* [Collected data]
------------------------------
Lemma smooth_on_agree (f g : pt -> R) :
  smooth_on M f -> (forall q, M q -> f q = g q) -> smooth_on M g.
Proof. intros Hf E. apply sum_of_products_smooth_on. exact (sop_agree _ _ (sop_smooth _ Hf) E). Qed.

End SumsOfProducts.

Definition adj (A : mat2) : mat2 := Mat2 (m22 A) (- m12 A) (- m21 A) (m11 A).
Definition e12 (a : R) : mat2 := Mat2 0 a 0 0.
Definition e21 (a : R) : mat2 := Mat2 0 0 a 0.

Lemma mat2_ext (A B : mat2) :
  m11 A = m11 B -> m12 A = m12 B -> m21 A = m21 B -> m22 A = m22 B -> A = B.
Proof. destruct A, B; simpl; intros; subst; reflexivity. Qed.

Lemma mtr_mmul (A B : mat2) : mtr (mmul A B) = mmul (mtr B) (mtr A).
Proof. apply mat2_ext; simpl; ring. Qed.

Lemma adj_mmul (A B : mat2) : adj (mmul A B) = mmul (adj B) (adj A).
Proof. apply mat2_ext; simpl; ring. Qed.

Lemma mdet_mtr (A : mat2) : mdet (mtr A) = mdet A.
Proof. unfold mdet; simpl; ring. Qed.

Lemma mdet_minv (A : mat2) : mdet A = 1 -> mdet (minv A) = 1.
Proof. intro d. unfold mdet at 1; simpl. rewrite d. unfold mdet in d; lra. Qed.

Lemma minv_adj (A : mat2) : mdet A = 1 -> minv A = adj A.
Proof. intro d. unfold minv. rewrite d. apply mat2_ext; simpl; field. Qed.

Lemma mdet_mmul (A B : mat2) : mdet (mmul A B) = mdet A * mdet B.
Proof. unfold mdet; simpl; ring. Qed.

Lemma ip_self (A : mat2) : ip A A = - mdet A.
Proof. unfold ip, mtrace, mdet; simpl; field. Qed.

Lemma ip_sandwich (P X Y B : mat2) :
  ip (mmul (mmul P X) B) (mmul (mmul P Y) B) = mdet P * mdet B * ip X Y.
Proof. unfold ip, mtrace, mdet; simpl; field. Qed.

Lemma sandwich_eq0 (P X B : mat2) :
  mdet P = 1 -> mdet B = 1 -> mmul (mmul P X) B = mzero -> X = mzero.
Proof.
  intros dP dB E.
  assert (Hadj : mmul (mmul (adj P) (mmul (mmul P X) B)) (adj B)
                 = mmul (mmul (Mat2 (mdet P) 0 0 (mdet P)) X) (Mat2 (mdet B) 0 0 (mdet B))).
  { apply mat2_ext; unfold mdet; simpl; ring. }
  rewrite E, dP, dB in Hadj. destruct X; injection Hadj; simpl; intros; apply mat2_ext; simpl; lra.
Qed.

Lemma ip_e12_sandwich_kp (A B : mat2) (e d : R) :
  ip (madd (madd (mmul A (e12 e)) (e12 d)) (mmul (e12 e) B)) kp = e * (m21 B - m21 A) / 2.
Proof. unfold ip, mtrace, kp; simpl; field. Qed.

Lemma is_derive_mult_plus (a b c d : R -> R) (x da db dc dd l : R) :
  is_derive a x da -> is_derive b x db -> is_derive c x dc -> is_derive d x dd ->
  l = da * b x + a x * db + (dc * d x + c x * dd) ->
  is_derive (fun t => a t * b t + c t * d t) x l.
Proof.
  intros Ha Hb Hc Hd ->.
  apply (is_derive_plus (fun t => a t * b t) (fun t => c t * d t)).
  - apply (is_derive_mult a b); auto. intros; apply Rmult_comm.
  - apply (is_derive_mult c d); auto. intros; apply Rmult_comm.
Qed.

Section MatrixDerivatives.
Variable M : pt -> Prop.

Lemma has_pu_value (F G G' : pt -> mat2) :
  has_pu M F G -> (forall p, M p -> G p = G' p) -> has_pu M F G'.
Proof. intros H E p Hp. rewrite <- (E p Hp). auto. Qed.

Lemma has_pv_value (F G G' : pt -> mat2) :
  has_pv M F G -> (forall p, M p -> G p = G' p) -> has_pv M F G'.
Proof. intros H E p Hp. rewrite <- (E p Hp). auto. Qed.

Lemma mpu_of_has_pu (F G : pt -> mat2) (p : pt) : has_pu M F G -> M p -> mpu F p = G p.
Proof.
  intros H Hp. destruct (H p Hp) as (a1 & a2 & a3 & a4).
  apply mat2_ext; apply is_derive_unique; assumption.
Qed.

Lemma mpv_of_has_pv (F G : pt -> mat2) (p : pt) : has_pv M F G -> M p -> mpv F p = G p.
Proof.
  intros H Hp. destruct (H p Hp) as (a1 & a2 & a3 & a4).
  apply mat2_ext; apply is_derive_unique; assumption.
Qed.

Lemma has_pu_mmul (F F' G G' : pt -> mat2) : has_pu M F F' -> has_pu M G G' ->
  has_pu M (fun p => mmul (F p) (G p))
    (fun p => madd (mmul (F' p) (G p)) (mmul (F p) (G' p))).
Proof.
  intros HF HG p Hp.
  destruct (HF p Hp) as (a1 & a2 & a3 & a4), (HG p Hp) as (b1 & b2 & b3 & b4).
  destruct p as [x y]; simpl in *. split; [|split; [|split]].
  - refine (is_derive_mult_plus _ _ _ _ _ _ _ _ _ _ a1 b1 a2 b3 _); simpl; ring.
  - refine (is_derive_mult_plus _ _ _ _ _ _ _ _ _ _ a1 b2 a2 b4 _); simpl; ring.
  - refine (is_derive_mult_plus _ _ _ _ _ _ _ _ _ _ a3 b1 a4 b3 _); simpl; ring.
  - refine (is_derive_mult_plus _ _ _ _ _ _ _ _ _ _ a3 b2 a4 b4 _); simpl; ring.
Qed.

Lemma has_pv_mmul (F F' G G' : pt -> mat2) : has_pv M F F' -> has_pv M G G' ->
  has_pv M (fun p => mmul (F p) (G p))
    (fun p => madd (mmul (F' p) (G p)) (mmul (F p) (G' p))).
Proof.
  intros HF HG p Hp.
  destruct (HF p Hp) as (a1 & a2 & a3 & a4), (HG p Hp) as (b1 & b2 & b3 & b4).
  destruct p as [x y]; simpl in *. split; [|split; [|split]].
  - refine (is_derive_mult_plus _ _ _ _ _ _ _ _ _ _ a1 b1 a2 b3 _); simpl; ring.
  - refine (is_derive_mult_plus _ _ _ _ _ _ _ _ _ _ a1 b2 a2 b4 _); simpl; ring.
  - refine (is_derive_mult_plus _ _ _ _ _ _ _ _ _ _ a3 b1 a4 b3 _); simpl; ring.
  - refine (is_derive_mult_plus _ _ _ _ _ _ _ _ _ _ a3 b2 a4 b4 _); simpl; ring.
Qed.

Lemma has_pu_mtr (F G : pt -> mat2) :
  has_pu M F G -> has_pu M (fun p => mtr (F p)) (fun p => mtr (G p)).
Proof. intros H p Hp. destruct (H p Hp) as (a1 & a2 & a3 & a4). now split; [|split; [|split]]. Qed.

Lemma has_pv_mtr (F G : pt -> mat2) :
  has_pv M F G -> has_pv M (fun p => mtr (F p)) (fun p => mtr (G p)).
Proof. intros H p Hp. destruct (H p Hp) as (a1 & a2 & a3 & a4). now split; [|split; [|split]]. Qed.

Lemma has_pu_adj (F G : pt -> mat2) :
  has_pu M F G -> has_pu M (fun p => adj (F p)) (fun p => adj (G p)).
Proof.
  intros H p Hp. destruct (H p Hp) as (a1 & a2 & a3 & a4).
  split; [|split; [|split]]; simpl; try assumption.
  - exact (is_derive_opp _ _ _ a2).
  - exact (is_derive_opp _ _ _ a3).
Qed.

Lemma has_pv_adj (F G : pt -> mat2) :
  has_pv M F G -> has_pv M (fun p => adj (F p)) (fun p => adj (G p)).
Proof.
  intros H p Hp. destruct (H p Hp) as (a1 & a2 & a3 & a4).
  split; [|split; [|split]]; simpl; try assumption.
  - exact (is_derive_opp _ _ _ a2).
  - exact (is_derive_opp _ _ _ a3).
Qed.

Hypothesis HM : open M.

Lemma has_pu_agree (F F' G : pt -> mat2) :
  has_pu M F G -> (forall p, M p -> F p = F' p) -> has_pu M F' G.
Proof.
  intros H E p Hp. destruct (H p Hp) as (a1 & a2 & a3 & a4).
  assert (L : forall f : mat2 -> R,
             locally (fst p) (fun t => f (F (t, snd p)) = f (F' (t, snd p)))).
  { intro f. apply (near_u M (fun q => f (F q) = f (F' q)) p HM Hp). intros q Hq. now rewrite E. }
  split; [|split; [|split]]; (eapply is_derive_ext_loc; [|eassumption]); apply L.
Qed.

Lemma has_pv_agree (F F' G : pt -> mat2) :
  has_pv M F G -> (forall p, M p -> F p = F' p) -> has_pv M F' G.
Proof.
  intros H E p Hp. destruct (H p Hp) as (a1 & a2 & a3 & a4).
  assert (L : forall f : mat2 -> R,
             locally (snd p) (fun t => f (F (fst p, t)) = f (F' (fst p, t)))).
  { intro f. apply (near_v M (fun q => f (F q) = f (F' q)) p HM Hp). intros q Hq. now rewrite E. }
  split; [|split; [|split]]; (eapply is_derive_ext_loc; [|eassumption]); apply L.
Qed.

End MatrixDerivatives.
------------------------------
* [WHAT IS EXPECTED] Your answer should be exactly the lines of the data above, from the first through the line containing "assert (Hadj : mmul".

* [TASK SOLUTION]
Lemma smooth_on_agree (f g : pt -> R) :
  smooth_on M f -> (forall q, M q -> f q = g q) -> smooth_on M g.
Proof. intros Hf E. apply sum_of_products_smooth_on. exact (sop_agree _ _ (sop_smooth _ Hf) E). Qed.

End SumsOfProducts.

Definition adj (A : mat2) : mat2 := Mat2 (m22 A) (- m12 A) (- m21 A) (m11 A).
Definition e12 (a : R) : mat2 := Mat2 0 a 0 0.
Definition e21 (a : R) : mat2 := Mat2 0 0 a 0.

Lemma mat2_ext (A B : mat2) :
  m11 A = m11 B -> m12 A = m12 B -> m21 A = m21 B -> m22 A = m22 B -> A = B.
Proof. destruct A, B; simpl; intros; subst; reflexivity. Qed.

Lemma mtr_mmul (A B : mat2) : mtr (mmul A B) = mmul (mtr B) (mtr A).
Proof. apply mat2_ext; simpl; ring. Qed.

Lemma adj_mmul (A B : mat2) : adj (mmul A B) = mmul (adj B) (adj A).
Proof. apply mat2_ext; simpl; ring. Qed.

Lemma mdet_mtr (A : mat2) : mdet (mtr A) = mdet A.
Proof. unfold mdet; simpl; ring. Qed.

Lemma mdet_minv (A : mat2) : mdet A = 1 -> mdet (minv A) = 1.
Proof. intro d. unfold mdet at 1; simpl. rewrite d. unfold mdet in d; lra. Qed.

Lemma minv_adj (A : mat2) : mdet A = 1 -> minv A = adj A.
Proof. intro d. unfold minv. rewrite d. apply mat2_ext; simpl; field. Qed.

Lemma mdet_mmul (A B : mat2) : mdet (mmul A B) = mdet A * mdet B.
Proof. unfold mdet; simpl; ring. Qed.

Lemma ip_self (A : mat2) : ip A A = - mdet A.
Proof. unfold ip, mtrace, mdet; simpl; field. Qed.

Lemma ip_sandwich (P X Y B : mat2) :
  ip (mmul (mmul P X) B) (mmul (mmul P Y) B) = mdet P * mdet B * ip X Y.
Proof. unfold ip, mtrace, mdet; simpl; field. Qed.

Lemma sandwich_eq0 (P X B : mat2) :
  mdet P = 1 -> mdet B = 1 -> mmul (mmul P X) B = mzero -> X = mzero.
Proof.
  intros dP dB E.
  assert (Hadj : mmul (mmul (adj P) (mmul (mmul P X) B)) (adj B)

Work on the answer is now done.